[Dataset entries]
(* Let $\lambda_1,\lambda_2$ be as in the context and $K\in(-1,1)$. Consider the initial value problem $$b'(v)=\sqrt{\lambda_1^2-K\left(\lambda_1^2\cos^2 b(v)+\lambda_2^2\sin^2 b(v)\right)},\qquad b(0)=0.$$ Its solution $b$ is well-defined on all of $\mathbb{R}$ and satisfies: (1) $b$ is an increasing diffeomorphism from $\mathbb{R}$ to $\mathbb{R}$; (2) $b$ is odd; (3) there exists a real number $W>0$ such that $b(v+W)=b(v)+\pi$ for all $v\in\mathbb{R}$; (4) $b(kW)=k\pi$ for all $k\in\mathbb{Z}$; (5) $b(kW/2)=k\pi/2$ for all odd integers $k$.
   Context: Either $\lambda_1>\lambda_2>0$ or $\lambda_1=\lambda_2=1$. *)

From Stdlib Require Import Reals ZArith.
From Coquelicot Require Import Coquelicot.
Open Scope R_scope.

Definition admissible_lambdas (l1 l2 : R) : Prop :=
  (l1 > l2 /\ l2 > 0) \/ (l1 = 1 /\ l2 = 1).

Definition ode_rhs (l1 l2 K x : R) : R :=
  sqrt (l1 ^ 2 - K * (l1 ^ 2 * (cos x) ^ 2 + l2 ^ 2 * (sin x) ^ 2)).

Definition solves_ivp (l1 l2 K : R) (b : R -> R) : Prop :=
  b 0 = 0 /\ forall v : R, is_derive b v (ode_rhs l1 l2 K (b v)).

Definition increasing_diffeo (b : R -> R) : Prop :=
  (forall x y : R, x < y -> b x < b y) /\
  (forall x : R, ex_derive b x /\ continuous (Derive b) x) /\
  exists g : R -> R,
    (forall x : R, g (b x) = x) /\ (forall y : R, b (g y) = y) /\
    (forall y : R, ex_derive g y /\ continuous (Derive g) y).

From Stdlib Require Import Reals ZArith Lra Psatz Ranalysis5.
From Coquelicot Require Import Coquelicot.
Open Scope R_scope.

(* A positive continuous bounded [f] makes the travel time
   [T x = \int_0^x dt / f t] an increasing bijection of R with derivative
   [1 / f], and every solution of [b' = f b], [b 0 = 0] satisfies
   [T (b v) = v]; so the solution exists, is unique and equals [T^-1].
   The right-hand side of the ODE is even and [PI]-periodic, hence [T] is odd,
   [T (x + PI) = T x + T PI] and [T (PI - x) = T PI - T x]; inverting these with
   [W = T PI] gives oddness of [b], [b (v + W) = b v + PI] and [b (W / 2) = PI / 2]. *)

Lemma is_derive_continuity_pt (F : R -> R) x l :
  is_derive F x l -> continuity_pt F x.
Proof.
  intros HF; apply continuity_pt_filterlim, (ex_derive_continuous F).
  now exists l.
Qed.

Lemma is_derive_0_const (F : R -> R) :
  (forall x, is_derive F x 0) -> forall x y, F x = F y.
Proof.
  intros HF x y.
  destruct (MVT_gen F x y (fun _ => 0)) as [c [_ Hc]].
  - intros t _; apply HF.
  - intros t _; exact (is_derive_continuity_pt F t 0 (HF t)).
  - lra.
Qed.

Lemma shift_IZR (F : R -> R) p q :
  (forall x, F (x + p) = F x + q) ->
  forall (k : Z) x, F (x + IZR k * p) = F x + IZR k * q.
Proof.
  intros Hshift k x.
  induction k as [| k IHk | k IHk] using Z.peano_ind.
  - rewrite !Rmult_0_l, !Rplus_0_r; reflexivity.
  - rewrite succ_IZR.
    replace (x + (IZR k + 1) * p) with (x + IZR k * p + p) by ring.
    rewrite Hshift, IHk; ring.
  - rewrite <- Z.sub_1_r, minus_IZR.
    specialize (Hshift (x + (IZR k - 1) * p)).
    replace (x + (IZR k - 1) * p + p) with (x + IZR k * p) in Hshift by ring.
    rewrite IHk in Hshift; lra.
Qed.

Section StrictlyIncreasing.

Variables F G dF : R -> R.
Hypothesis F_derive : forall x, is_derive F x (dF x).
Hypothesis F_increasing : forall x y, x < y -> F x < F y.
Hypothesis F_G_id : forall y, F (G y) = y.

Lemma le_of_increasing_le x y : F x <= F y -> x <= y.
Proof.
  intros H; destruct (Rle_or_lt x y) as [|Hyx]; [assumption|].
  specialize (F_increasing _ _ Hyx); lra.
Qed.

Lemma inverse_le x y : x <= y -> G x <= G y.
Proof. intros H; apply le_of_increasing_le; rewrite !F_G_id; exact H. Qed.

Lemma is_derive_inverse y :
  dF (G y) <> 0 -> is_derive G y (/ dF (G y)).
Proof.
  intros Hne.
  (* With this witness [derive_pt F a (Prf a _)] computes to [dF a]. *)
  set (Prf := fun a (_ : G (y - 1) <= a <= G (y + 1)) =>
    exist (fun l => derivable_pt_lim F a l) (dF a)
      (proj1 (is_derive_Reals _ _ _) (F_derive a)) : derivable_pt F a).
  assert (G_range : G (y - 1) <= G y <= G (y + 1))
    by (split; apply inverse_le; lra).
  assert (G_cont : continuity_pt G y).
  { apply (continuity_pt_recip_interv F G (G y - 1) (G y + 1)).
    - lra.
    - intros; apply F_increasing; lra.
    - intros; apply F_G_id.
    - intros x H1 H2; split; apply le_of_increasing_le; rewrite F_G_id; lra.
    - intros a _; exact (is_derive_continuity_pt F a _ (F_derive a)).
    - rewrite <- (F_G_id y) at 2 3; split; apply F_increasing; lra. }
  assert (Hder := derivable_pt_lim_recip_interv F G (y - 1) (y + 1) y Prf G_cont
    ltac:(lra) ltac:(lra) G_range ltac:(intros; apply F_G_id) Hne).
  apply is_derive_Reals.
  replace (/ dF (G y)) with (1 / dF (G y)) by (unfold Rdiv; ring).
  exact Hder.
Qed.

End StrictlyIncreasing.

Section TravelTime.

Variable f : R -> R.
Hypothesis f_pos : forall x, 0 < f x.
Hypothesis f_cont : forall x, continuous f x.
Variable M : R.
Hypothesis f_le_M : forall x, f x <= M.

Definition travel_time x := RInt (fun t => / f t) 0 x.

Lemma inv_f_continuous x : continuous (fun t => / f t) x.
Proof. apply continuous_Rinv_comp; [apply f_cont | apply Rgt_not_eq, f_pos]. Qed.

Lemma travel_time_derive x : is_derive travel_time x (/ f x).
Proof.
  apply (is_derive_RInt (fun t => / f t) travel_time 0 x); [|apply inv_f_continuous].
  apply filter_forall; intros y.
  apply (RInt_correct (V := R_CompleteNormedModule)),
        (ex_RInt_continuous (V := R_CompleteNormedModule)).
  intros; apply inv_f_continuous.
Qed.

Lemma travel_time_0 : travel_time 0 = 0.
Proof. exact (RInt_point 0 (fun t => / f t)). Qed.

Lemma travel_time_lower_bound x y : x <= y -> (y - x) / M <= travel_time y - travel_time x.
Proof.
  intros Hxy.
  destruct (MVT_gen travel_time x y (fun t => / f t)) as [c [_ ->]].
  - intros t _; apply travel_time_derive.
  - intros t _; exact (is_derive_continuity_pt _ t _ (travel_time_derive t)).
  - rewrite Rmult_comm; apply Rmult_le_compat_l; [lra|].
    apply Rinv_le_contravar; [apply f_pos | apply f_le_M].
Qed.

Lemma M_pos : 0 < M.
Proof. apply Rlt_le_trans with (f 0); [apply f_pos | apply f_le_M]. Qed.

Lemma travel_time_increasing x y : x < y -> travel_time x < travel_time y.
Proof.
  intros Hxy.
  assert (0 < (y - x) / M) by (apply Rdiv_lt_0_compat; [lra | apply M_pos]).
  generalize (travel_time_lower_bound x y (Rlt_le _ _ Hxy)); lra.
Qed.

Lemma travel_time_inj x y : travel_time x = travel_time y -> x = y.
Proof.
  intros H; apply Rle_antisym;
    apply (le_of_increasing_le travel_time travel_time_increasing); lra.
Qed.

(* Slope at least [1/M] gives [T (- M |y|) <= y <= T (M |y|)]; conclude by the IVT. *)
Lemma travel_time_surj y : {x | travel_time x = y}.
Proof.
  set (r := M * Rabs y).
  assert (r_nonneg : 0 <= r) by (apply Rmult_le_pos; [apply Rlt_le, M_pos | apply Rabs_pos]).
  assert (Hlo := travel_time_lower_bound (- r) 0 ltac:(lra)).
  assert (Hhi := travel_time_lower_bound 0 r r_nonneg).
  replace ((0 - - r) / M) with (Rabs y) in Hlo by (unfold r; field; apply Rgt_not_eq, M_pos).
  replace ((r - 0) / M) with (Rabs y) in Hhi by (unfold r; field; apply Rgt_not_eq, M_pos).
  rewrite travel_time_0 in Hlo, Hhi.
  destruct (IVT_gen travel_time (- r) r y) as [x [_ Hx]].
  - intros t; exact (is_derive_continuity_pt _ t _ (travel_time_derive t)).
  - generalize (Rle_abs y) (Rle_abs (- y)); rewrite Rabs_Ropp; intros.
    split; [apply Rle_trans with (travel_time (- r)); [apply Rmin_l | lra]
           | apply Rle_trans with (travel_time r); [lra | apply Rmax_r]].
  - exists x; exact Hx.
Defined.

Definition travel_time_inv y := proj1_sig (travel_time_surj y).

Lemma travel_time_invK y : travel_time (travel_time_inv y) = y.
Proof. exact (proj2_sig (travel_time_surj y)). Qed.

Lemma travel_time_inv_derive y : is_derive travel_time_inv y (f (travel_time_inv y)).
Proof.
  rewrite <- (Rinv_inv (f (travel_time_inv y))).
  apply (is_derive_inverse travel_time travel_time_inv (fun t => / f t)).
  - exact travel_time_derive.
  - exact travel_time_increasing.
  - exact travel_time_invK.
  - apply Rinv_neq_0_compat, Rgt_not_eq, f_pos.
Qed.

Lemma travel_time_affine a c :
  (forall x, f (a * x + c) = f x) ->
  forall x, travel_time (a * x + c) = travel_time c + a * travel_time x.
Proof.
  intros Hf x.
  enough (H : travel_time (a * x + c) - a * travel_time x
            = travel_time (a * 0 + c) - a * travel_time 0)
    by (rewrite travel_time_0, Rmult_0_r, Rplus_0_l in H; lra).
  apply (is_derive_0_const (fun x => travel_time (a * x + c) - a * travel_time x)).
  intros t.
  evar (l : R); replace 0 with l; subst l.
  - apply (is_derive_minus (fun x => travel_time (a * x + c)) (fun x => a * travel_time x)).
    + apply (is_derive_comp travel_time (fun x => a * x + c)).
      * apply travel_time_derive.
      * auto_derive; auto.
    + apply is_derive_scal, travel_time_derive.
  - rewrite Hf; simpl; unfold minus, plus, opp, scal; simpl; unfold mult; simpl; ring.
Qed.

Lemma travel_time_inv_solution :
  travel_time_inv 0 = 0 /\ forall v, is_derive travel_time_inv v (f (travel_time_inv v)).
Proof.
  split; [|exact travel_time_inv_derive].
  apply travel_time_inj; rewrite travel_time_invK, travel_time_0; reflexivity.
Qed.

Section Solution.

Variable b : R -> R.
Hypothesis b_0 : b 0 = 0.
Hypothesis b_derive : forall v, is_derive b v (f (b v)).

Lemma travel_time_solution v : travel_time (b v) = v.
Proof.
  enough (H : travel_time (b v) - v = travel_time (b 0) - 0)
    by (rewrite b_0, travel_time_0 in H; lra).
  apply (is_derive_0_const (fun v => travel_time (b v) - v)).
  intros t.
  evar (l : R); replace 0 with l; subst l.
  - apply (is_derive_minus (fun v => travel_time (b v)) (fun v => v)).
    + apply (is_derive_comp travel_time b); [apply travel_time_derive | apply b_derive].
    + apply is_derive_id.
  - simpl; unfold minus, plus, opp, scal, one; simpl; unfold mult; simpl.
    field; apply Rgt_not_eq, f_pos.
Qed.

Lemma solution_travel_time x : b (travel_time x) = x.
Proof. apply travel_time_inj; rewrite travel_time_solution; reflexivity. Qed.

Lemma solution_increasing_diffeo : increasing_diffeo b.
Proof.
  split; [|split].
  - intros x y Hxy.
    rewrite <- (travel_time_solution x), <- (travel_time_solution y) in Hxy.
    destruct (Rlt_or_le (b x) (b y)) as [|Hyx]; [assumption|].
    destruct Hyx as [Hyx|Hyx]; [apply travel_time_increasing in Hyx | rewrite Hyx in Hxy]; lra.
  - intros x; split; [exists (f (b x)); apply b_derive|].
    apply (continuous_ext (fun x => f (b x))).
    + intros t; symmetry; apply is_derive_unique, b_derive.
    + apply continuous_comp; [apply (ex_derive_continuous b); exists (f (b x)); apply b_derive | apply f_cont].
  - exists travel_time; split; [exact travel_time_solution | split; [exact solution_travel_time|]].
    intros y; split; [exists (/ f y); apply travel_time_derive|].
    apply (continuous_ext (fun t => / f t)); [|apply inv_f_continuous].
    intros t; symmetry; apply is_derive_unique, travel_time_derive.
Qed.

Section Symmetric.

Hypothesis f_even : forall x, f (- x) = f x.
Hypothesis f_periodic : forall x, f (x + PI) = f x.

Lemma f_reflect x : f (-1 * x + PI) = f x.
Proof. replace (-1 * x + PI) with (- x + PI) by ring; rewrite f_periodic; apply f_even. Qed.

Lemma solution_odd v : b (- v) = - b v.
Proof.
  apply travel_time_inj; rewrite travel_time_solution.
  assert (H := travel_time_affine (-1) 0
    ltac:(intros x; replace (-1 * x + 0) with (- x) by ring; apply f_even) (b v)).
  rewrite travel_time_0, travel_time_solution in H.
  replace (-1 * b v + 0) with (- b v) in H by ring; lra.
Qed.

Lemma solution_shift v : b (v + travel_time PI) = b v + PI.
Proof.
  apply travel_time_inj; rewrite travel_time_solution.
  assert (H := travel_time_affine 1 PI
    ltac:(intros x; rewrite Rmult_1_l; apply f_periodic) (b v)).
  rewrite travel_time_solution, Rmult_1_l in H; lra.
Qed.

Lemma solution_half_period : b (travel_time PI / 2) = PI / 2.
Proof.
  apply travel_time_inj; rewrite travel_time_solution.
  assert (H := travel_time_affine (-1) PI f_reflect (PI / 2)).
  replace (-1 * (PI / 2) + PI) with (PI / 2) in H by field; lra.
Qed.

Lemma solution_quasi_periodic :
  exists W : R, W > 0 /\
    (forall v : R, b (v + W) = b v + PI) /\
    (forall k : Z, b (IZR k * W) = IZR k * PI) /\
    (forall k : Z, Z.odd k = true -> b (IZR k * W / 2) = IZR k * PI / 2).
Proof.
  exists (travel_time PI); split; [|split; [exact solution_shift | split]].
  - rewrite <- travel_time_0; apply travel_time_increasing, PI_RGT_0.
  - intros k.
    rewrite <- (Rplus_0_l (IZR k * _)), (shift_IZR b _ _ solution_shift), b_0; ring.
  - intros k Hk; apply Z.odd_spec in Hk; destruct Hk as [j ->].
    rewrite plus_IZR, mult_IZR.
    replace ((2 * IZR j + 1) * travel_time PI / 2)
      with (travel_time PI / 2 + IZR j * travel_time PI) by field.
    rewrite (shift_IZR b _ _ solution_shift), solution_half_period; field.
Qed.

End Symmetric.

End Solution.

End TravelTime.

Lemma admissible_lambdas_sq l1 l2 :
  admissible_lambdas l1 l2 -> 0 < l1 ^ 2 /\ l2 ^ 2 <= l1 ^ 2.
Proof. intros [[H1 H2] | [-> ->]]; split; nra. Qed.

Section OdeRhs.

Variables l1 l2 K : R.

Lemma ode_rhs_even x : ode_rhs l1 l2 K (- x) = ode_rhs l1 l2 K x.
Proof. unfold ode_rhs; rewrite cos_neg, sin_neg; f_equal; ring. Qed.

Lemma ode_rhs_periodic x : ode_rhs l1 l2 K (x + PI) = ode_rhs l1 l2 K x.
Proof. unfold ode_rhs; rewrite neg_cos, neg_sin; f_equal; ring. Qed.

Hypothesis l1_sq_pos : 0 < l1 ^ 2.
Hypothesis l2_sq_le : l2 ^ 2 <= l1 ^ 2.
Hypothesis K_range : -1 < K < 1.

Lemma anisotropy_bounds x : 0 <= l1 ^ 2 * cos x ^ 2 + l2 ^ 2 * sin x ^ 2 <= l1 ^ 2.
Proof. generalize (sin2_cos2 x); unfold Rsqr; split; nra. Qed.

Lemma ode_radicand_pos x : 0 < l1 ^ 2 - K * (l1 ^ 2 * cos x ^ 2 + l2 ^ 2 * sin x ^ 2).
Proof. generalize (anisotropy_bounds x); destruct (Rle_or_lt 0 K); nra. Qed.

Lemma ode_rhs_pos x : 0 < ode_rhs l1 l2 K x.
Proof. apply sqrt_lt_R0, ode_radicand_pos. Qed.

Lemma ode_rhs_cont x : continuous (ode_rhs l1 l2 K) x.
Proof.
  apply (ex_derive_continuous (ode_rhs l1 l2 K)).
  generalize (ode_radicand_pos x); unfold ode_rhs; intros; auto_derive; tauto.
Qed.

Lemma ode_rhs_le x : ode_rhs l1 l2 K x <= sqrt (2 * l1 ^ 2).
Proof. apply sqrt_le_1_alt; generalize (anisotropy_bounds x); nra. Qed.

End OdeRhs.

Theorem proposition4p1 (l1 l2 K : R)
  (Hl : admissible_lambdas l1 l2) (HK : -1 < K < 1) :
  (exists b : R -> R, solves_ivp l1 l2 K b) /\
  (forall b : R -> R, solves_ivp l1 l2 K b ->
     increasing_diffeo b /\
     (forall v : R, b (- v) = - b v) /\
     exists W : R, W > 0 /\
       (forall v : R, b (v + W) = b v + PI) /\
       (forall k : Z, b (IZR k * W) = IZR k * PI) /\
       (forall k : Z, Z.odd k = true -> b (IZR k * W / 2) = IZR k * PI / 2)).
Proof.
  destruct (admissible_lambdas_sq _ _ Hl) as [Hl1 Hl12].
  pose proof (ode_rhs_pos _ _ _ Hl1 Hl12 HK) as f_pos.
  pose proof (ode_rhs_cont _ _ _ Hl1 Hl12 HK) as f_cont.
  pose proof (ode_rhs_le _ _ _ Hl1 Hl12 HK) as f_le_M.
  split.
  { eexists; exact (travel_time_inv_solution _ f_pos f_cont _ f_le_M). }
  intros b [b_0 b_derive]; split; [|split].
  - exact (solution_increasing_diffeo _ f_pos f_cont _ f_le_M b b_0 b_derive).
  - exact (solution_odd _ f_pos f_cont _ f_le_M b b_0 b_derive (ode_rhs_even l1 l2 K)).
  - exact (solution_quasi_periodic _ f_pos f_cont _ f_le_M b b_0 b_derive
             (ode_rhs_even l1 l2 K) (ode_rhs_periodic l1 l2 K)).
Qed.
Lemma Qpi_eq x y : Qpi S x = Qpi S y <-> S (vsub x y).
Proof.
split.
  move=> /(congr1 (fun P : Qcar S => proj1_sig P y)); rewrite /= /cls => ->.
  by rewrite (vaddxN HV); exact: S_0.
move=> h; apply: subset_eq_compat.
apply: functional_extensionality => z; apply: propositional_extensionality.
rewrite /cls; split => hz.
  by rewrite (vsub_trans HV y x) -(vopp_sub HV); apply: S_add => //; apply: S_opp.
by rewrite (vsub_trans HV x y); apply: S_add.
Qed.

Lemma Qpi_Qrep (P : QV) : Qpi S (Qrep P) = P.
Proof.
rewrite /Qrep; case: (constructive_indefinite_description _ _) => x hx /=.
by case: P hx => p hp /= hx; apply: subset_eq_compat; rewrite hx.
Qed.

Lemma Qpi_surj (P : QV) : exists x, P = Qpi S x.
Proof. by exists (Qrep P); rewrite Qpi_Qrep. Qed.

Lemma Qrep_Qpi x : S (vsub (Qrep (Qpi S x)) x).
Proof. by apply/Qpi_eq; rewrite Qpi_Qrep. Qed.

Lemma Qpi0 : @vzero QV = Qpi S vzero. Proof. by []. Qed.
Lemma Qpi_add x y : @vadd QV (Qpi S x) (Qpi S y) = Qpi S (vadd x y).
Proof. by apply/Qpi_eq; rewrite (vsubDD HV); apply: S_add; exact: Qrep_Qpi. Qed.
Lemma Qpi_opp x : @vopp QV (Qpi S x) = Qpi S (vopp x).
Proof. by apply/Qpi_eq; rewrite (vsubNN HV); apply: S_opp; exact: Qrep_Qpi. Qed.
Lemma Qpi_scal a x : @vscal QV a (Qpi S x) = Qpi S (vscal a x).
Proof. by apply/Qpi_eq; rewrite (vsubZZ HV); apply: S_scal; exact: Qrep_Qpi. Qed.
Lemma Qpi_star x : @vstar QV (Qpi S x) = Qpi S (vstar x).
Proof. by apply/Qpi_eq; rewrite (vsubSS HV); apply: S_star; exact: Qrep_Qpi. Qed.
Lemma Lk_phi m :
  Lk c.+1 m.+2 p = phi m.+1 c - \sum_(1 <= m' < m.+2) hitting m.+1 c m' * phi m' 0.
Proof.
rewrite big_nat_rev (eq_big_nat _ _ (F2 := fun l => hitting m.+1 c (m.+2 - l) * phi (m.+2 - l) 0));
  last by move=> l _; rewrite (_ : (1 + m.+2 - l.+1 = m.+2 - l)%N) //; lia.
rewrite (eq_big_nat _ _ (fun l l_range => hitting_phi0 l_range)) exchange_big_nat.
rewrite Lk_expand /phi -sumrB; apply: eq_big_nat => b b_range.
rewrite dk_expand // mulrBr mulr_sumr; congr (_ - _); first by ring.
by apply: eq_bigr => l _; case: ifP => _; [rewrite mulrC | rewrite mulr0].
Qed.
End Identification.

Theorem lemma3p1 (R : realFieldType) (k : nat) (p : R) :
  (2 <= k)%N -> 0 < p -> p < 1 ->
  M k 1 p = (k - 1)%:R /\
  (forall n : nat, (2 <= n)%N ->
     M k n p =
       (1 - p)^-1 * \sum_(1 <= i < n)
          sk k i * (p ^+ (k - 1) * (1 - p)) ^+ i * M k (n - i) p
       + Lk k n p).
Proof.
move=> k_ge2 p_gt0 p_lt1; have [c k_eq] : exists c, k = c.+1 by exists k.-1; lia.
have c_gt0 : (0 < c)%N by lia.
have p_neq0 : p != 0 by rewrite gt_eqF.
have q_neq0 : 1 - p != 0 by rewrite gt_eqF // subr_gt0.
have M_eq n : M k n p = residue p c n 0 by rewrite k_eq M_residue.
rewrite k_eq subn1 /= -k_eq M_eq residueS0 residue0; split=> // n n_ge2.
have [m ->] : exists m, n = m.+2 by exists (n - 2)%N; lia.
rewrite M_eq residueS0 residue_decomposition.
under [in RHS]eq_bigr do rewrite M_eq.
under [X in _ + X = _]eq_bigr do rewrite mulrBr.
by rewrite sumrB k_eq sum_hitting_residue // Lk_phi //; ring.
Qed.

What you will do: Restate word for word the entries above, starting at the line with "Proof. intros [[H1" and ending at the line with "Lemma ode_rhs_periodic x", inclusive, and no others.

Task result:
Proof. intros [[H1 H2] | [-> ->]]; split; nra. Qed.

Section OdeRhs.

Variables l1 l2 K : R.

Lemma ode_rhs_even x : ode_rhs l1 l2 K (- x) = ode_rhs l1 l2 K x.
Proof. unfold ode_rhs; rewrite cos_neg, sin_neg; f_equal; ring. Qed.

Lemma ode_rhs_periodic x : ode_rhs l1 l2 K (x + PI) = ode_rhs l1 l2 K x.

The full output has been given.